Not only do you have to be skilled at running a property, but you also have to be very savvy with evaluating deals and capitalizing transactions. To get a deal capitalized, you need the institutional background and track record. It’s very challenging to do that.
Can you talk a little bit about how you develop those core competencies to successfully manage a portfolio that’s more geographically dispersed?
If you have a geographic strategy, you have to be more opportunistic. You say, “OK, let’s go do a couple of deals in a tertiary market.” In a tertiary market, you’re going to have a lower price point because you can’t capture the same rent. “Now let’s go do assisted living and memory care, or let’s do independent living only. Let’s go do a high-end deal in the city.” What does that sound like? It sounds like a hodgepodge of stuff. It’s really hard to hire people who are good at all of that.
They’re probably either going to be passionate about a certain segment, or they’re just going to end up migrating towards the mean. Regardless of the strategy, it will be hard to maintain different standards for each location.
Instead, we have two different brand strategies, for the most part. Our growth strategy to date has been development, which encompasses a high-end hospitality-driven product.
We also acquire, own and operate. The properties we’ve acquired and the properties we manage are newer properties in good secondary markets. The expectations are different for those properties than they are for the properties we’re developing. It’s a lot easier for our operations team to support those communities because they know exactly what the expectations are.

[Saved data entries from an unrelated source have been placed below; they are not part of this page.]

(* Let $L$ be a non-degenerate indefinite lattice of rank $\geq 5$, and $N$ a natural number. Then $L$ contains a primitive rank $2$ sublattice $\Lambda$ of signature $(1,1)$ such that $|q(x,x)|\geq N$ for every nonzero $x\in\Lambda$.
   Context: A lattice is a free abelian group $L\cong\mathbb{Z}^n$ with an integer-valued quadratic form $q$. A sublattice $\Lambda\subset L$ is primitive if $L/\Lambda$ is torsion-free. *)

(* A lattice of rank n is Z^n (row vectors 'rV[int]_n)
   with an integer symmetric bilinear form given by its Gram matrix A. *)
From HB Require Import structures.
From mathcomp Require Import all_boot all_order all_algebra.
Set Implicit Arguments. Unset Strict Implicit. Unset Printing Implicit Defensive.
Import Order.TTheory GRing.Theory Num.Theory.
Local Open Scope ring_scope.

Definition bil n (A : 'M[int]_n) (x y : 'rV[int]_n) : int := (x *m A *m y^T) 0 0.

Definition sym_gram n (A : 'M[int]_n) : Prop := A^T = A.

Definition lat_nondeg n (A : 'M[int]_n) : Prop := \det A != 0.

Definition lat_indef n (A : 'M[int]_n) : Prop :=
  (exists x, 0 < bil A x x) /\ (exists y, bil A y y < 0).

Definition in_span2 n (u v w : 'rV[int]_n) : Prop :=
  exists a b : int, w = a *: u + b *: v.

Definition rank2 n (u v : 'rV[int]_n) : Prop :=
  forall a b : int, a *: u + b *: v = 0 -> a = 0 /\ b = 0.

(* L / Lambda is torsion-free *)
Definition primitive2 n (u v : 'rV[int]_n) : Prop :=
  forall (k : int) (x : 'rV[int]_n), k != 0 -> in_span2 u v (k *: x) -> in_span2 u v x.

Definition gram2 n (A : 'M[int]_n) (u v : 'rV[int]_n) : 'M[int]_2 :=
  \matrix_(i < 2, j < 2)
    bil A (if i == 0 :> nat then u else v) (if j == 0 :> nat then u else v).
Theorem mainTheorem6 (R : realType) (alpha c b Ceta : R) (L : nat) :
  0 < alpha < 1 -> 0 < c -> 0 < b < 1 -> 0 < Ceta ->
  exists (C : R) (k : nat), 0 < C /\
  forall (V : finType) (G : {set {set V}}) (T : stree V) (Hs : seq (seq bool)),
    simple_graph G ->
    separable alpha c b G ->
    sep_tree alpha c b L G T ->
    (height T)%:R <= Ceta * ln ((#|G|.+2)%:R : R) ->
    uniq Hs -> all (is_node T) Hs ->
    ((\sum_(p <- path_closure Hs) (#|bnd T p| + #|sep_at T p|))%N%:R : R)
      <= C * ((size Hs)%:R `^ (1 - alpha)) * ((#|G|%:R : R) `^ alpha)
           * (ln ((#|G|.+2)%:R : R)) ^+ k.
Proof.
move=> alpha01 c_gt0 _ Ceta_gt0.
have ln2_gt0 : 0 < ln (2 : R) by rewrite ln_gt0 // ltr1n.
set D := Ceta + (ln (2 : R))^-1.
have D_gt0 : 0 < D by rewrite addr_gt0 ?invr_gt0.
exists (6 * c * D ^+ 2), 2%N; split; first by rewrite !mulr_gt0 // exprn_gt0.
move=> V G T Hs _ _ [<- wfT] heightT _ nodesHs.
set l := ln _ in heightT *.
have ln2_le : ln 2 <= l by rewrite ler_ln ?posrE ?ltr0n // ler_nat.
have N_le : (height T).+1%:R <= D * l.
  by rewrite -addn1 natrD mulrDl lerD // ler_pdivlMl // mulr1.
apply: le_trans (path_closure_sum_le alpha01 (ltW c_gt0) wfT nodesHs) _.
set X := _ * _ `^ alpha.
have X_ge0 : 0 <= X by rewrite mulr_ge0 ?powR_ge0.
rewrite (_ : _ * _ * _ * _ = 6 * c * X * (D * l) ^+ 2); last by rewrite /X; ring.
rewrite (_ : 3 * _ * _ = 6 * c * X * (height T).+1%:R ^+ 2); last by ring.
apply: ler_wpM2l; first by rewrite mulr_ge0 // mulr_ge0 // ltW.
have N_ge0 : 0 <= (height T).+1%:R :> R by [].
nra.
Qed.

We have our “developed asset” portfolio, and we have our “classic collection.” We can define the standards and the expectations of the development portfolio assets. In the classic collection, we don’t have to migrate towards the mean, and we don’t have to be good at everything. We can be very disciplined and focused on what we’re good at, and go and execute on it. To pull this off, you need strong leadership teams.
You can’t do what we’re trying to do if you have to micro-manage an average executive director, an average sales director, and an average health and wellness director. Obviously, [in that case] you need to be within driving distance, and you need to be touching those buildings multiple times a week.
We’re seeing more of that personal touch and connectivity post-COVID, and we’re still touching those buildings routinely, because they are only a short drive from the airport. We don’t have anything that’s more than a 30-minute drive from an airport. Today, we have five operating communities, and three properties in pre-leasing that will open in the next eight months. We have elected to focus on bigger communities between 100 and 175 units.
That’s very different from other operators that operate properties with 40 or 50 units. They’re a lot smaller, so it becomes more inefficient from a management perspective. Architecting the portfolio is really important, and if you ask around about the best operators in the industry today, I think people would point to the operators that have thoughtfully architected their portfolios. I do believe there’s a common thread. Those are the operators I put on a pedestal.